- [Exercise details]:
Of the material below, the lines to be retyped are those from the line containing "by apply: eq_bigr => l _; rewrite Ac." through the line containing "constant_sum A -> nash_eq A xs -> fully_mixed xs -> (forall", inclusive; reproduce them exactly.

- [Extracted material]:
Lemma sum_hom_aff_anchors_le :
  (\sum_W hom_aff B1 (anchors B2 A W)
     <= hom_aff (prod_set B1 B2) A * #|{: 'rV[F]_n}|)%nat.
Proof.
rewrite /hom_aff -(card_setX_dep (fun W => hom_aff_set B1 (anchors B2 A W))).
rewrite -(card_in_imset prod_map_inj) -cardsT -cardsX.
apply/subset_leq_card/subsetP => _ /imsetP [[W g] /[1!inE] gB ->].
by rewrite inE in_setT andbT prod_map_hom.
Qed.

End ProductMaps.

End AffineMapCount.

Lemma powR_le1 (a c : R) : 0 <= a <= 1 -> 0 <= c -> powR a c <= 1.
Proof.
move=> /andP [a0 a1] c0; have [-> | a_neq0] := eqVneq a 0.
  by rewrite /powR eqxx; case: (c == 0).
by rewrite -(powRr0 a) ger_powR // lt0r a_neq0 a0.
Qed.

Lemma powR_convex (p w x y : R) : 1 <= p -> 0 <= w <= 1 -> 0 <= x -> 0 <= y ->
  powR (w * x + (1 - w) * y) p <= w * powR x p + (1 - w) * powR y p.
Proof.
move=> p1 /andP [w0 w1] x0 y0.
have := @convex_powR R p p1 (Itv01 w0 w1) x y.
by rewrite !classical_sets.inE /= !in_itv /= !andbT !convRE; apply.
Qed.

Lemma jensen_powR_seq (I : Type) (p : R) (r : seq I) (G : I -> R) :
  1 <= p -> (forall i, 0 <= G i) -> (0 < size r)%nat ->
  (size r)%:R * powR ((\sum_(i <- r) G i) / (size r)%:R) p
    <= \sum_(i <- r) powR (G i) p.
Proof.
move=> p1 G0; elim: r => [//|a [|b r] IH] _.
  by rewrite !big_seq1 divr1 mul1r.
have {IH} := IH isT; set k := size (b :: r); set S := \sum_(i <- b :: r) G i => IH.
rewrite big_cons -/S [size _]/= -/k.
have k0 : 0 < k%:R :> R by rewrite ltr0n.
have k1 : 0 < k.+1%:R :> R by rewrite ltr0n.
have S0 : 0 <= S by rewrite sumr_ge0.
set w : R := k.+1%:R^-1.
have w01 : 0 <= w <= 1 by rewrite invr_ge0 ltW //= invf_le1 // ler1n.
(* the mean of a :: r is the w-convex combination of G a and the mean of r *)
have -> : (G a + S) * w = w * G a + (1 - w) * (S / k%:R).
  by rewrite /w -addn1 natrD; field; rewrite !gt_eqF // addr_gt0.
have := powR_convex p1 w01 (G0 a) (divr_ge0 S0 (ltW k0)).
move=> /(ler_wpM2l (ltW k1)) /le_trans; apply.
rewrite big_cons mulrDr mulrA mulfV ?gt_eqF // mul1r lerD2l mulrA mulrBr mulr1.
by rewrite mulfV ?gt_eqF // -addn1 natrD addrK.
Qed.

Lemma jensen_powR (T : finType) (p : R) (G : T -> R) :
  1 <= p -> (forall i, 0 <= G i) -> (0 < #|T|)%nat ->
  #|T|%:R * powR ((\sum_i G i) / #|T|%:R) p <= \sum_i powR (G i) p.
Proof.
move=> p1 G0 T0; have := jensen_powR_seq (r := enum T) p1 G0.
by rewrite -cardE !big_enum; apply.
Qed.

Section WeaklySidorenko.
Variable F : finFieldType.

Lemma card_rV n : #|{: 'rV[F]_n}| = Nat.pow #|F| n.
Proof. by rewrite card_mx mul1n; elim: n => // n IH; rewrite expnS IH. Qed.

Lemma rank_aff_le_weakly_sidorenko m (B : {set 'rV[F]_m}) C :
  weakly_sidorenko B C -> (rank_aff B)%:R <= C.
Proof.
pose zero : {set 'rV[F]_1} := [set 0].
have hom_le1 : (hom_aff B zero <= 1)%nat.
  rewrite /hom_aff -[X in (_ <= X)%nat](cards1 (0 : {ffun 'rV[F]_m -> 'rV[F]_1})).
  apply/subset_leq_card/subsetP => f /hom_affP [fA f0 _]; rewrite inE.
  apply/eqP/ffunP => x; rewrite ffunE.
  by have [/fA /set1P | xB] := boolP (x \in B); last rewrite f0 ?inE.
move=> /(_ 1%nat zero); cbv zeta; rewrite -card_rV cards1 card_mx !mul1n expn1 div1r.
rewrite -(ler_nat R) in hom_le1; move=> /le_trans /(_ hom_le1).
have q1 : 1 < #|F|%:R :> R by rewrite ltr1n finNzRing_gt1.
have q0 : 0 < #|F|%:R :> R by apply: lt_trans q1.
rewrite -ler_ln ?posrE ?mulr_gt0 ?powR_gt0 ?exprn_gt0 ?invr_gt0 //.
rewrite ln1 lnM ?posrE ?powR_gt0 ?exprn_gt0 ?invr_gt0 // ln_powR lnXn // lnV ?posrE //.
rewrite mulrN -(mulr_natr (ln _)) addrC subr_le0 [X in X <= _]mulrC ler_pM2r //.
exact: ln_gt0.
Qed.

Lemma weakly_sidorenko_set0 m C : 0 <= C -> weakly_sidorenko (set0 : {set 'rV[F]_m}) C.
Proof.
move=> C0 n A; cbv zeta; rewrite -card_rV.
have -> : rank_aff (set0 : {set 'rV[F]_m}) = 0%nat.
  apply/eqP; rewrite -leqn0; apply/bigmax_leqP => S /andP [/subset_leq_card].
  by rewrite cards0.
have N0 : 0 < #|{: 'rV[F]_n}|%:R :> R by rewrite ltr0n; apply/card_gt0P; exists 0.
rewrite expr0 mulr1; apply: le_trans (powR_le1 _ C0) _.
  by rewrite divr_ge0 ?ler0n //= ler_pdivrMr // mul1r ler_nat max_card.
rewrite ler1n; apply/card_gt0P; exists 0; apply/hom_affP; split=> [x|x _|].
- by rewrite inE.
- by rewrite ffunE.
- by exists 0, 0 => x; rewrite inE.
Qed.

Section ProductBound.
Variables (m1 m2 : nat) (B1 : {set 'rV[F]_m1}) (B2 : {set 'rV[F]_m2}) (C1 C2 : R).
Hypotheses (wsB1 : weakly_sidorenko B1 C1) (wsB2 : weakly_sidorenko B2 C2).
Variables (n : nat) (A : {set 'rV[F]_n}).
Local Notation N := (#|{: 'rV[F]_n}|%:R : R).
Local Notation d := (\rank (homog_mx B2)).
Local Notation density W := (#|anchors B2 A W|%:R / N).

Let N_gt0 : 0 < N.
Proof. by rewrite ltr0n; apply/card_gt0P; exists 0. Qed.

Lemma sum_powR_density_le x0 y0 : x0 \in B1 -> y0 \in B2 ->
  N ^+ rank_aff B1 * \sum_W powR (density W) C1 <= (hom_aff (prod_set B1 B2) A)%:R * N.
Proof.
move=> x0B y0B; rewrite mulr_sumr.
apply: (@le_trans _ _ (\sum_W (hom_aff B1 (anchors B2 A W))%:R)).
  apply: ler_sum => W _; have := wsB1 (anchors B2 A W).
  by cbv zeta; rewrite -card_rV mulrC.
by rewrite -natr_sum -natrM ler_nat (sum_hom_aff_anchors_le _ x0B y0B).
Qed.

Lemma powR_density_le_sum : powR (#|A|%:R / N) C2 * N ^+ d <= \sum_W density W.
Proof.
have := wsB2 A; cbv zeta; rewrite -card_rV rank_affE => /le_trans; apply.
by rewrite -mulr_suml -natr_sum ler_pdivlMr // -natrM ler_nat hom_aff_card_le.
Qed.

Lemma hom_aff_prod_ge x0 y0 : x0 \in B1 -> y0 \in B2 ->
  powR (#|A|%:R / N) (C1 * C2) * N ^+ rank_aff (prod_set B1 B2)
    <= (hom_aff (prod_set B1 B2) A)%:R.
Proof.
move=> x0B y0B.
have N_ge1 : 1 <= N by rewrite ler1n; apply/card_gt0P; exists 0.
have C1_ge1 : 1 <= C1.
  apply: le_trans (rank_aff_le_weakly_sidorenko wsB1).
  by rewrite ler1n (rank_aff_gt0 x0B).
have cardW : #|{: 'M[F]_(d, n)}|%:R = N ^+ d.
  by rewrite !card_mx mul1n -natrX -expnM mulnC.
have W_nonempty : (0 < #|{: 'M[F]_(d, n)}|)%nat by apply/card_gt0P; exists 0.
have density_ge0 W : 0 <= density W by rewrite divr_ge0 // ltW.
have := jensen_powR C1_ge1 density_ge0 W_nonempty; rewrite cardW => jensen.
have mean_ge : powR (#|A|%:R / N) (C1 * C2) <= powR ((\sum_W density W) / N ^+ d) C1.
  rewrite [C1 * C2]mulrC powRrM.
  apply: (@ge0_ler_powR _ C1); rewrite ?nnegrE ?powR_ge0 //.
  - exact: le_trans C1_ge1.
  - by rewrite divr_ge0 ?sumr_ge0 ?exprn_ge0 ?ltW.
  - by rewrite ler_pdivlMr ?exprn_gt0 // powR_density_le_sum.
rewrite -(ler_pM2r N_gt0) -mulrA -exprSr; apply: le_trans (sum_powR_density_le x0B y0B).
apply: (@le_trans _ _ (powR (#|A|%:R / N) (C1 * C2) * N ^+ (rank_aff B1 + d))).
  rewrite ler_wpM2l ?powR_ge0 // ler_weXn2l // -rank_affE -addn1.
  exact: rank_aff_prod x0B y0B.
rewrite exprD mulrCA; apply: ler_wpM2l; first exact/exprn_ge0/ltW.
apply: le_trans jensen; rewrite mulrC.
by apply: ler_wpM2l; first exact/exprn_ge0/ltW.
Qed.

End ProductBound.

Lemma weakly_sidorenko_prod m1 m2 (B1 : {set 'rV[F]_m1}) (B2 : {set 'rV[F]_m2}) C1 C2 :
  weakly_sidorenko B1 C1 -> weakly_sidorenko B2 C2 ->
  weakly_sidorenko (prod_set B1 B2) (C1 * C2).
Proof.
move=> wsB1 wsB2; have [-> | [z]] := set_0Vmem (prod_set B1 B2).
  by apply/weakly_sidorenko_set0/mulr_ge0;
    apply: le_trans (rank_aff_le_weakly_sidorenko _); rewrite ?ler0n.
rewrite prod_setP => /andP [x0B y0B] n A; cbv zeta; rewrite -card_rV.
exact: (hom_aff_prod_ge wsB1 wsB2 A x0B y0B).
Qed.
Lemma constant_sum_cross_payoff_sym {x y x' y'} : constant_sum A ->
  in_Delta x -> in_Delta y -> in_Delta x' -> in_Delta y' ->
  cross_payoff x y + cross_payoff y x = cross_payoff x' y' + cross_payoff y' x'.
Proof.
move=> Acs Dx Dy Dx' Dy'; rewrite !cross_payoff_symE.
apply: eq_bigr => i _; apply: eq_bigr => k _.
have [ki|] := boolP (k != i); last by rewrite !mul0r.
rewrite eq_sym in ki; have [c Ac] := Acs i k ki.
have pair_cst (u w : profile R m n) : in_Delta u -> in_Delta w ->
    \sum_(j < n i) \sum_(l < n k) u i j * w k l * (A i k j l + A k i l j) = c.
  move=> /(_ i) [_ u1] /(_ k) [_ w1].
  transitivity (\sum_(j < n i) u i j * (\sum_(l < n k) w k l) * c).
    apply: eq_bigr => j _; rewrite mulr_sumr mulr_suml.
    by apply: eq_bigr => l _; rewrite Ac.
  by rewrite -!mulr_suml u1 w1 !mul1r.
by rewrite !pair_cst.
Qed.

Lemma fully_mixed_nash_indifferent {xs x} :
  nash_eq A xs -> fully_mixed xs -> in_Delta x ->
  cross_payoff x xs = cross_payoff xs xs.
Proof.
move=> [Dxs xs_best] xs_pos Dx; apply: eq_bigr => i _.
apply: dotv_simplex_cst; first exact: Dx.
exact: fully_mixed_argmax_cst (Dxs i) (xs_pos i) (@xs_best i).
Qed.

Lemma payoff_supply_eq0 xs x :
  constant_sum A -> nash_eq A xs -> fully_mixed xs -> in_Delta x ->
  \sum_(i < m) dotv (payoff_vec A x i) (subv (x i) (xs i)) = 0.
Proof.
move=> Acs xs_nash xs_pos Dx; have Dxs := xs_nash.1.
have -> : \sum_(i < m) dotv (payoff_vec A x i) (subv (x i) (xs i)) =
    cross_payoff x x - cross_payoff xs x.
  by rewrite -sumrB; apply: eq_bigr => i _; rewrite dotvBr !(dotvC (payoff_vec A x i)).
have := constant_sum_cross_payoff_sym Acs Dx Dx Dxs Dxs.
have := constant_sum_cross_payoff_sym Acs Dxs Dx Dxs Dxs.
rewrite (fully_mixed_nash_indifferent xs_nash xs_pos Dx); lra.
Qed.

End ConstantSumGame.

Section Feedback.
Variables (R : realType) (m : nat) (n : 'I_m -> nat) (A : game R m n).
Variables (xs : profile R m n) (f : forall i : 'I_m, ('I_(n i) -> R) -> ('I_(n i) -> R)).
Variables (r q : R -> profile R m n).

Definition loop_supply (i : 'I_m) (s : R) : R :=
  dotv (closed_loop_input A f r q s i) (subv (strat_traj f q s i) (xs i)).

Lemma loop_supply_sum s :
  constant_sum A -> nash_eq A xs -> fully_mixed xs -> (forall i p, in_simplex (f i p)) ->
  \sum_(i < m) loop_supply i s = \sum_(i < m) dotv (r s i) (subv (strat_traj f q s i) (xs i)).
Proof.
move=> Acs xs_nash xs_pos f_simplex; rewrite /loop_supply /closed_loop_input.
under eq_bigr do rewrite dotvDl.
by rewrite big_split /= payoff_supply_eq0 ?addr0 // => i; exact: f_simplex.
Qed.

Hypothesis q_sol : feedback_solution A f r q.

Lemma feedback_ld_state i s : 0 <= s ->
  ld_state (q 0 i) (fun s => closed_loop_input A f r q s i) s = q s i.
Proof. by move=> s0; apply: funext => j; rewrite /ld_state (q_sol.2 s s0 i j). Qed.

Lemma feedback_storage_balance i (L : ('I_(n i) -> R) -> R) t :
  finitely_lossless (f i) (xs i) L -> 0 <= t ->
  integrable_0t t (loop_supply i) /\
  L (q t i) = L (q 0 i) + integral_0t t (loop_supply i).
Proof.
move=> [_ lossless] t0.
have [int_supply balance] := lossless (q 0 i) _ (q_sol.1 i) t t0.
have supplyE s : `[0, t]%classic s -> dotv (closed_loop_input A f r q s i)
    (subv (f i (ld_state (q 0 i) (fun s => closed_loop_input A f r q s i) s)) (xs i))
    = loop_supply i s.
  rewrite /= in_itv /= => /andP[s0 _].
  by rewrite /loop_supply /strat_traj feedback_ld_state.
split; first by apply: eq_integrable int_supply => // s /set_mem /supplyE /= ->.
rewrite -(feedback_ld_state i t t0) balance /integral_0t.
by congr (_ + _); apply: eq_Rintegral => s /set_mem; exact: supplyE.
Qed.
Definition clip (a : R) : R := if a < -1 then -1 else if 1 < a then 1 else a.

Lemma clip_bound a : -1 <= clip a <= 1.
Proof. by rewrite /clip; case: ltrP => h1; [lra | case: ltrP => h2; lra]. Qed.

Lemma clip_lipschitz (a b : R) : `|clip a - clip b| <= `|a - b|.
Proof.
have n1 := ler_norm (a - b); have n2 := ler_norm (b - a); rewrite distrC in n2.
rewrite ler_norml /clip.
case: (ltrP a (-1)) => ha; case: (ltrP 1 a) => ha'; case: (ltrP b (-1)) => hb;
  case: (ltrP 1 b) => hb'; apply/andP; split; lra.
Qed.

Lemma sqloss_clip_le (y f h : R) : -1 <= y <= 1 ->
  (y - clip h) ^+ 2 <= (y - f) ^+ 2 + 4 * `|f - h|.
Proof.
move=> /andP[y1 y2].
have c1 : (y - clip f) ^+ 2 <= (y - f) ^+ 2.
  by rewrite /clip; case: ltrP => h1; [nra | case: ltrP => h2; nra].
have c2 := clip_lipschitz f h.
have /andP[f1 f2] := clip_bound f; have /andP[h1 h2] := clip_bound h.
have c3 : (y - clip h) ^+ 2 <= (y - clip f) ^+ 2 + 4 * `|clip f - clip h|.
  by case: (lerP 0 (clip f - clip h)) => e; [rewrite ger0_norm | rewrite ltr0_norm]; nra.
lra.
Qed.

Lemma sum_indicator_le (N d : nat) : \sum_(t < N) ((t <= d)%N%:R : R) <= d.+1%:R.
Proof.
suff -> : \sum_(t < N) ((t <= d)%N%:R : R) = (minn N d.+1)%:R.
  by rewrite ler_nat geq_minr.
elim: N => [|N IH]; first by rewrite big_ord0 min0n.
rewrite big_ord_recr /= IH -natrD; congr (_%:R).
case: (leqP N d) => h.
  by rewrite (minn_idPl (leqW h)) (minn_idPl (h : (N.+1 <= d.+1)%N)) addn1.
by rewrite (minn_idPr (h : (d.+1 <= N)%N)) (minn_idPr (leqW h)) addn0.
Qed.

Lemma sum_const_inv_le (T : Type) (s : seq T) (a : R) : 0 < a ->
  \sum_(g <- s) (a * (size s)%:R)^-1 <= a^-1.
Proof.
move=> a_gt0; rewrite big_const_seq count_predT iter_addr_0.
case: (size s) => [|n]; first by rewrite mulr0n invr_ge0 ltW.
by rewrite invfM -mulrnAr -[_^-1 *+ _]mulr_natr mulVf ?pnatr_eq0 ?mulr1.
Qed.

- [Result below]:
    by apply: eq_bigr => l _; rewrite Ac.
  by rewrite -!mulr_suml u1 w1 !mul1r.
by rewrite !pair_cst.
Qed.

Lemma fully_mixed_nash_indifferent {xs x} :
  nash_eq A xs -> fully_mixed xs -> in_Delta x ->
  cross_payoff x xs = cross_payoff xs xs.
Proof.
move=> [Dxs xs_best] xs_pos Dx; apply: eq_bigr => i _.
apply: dotv_simplex_cst; first exact: Dx.
exact: fully_mixed_argmax_cst (Dxs i) (xs_pos i) (@xs_best i).
Qed.

Lemma payoff_supply_eq0 xs x :
  constant_sum A -> nash_eq A xs -> fully_mixed xs -> in_Delta x ->
  \sum_(i < m) dotv (payoff_vec A x i) (subv (x i) (xs i)) = 0.
Proof.
move=> Acs xs_nash xs_pos Dx; have Dxs := xs_nash.1.
have -> : \sum_(i < m) dotv (payoff_vec A x i) (subv (x i) (xs i)) =
    cross_payoff x x - cross_payoff xs x.
  by rewrite -sumrB; apply: eq_bigr => i _; rewrite dotvBr !(dotvC (payoff_vec A x i)).
have := constant_sum_cross_payoff_sym Acs Dx Dx Dxs Dxs.
have := constant_sum_cross_payoff_sym Acs Dxs Dx Dxs Dxs.
rewrite (fully_mixed_nash_indifferent xs_nash xs_pos Dx); lra.
Qed.

End ConstantSumGame.

Section Feedback.
Variables (R : realType) (m : nat) (n : 'I_m -> nat) (A : game R m n).
Variables (xs : profile R m n) (f : forall i : 'I_m, ('I_(n i) -> R) -> ('I_(n i) -> R)).
Variables (r q : R -> profile R m n).

Definition loop_supply (i : 'I_m) (s : R) : R :=
  dotv (closed_loop_input A f r q s i) (subv (strat_traj f q s i) (xs i)).

Lemma loop_supply_sum s :
  constant_sum A -> nash_eq A xs -> fully_mixed xs -> (forall i p, in_simplex (f i p)) ->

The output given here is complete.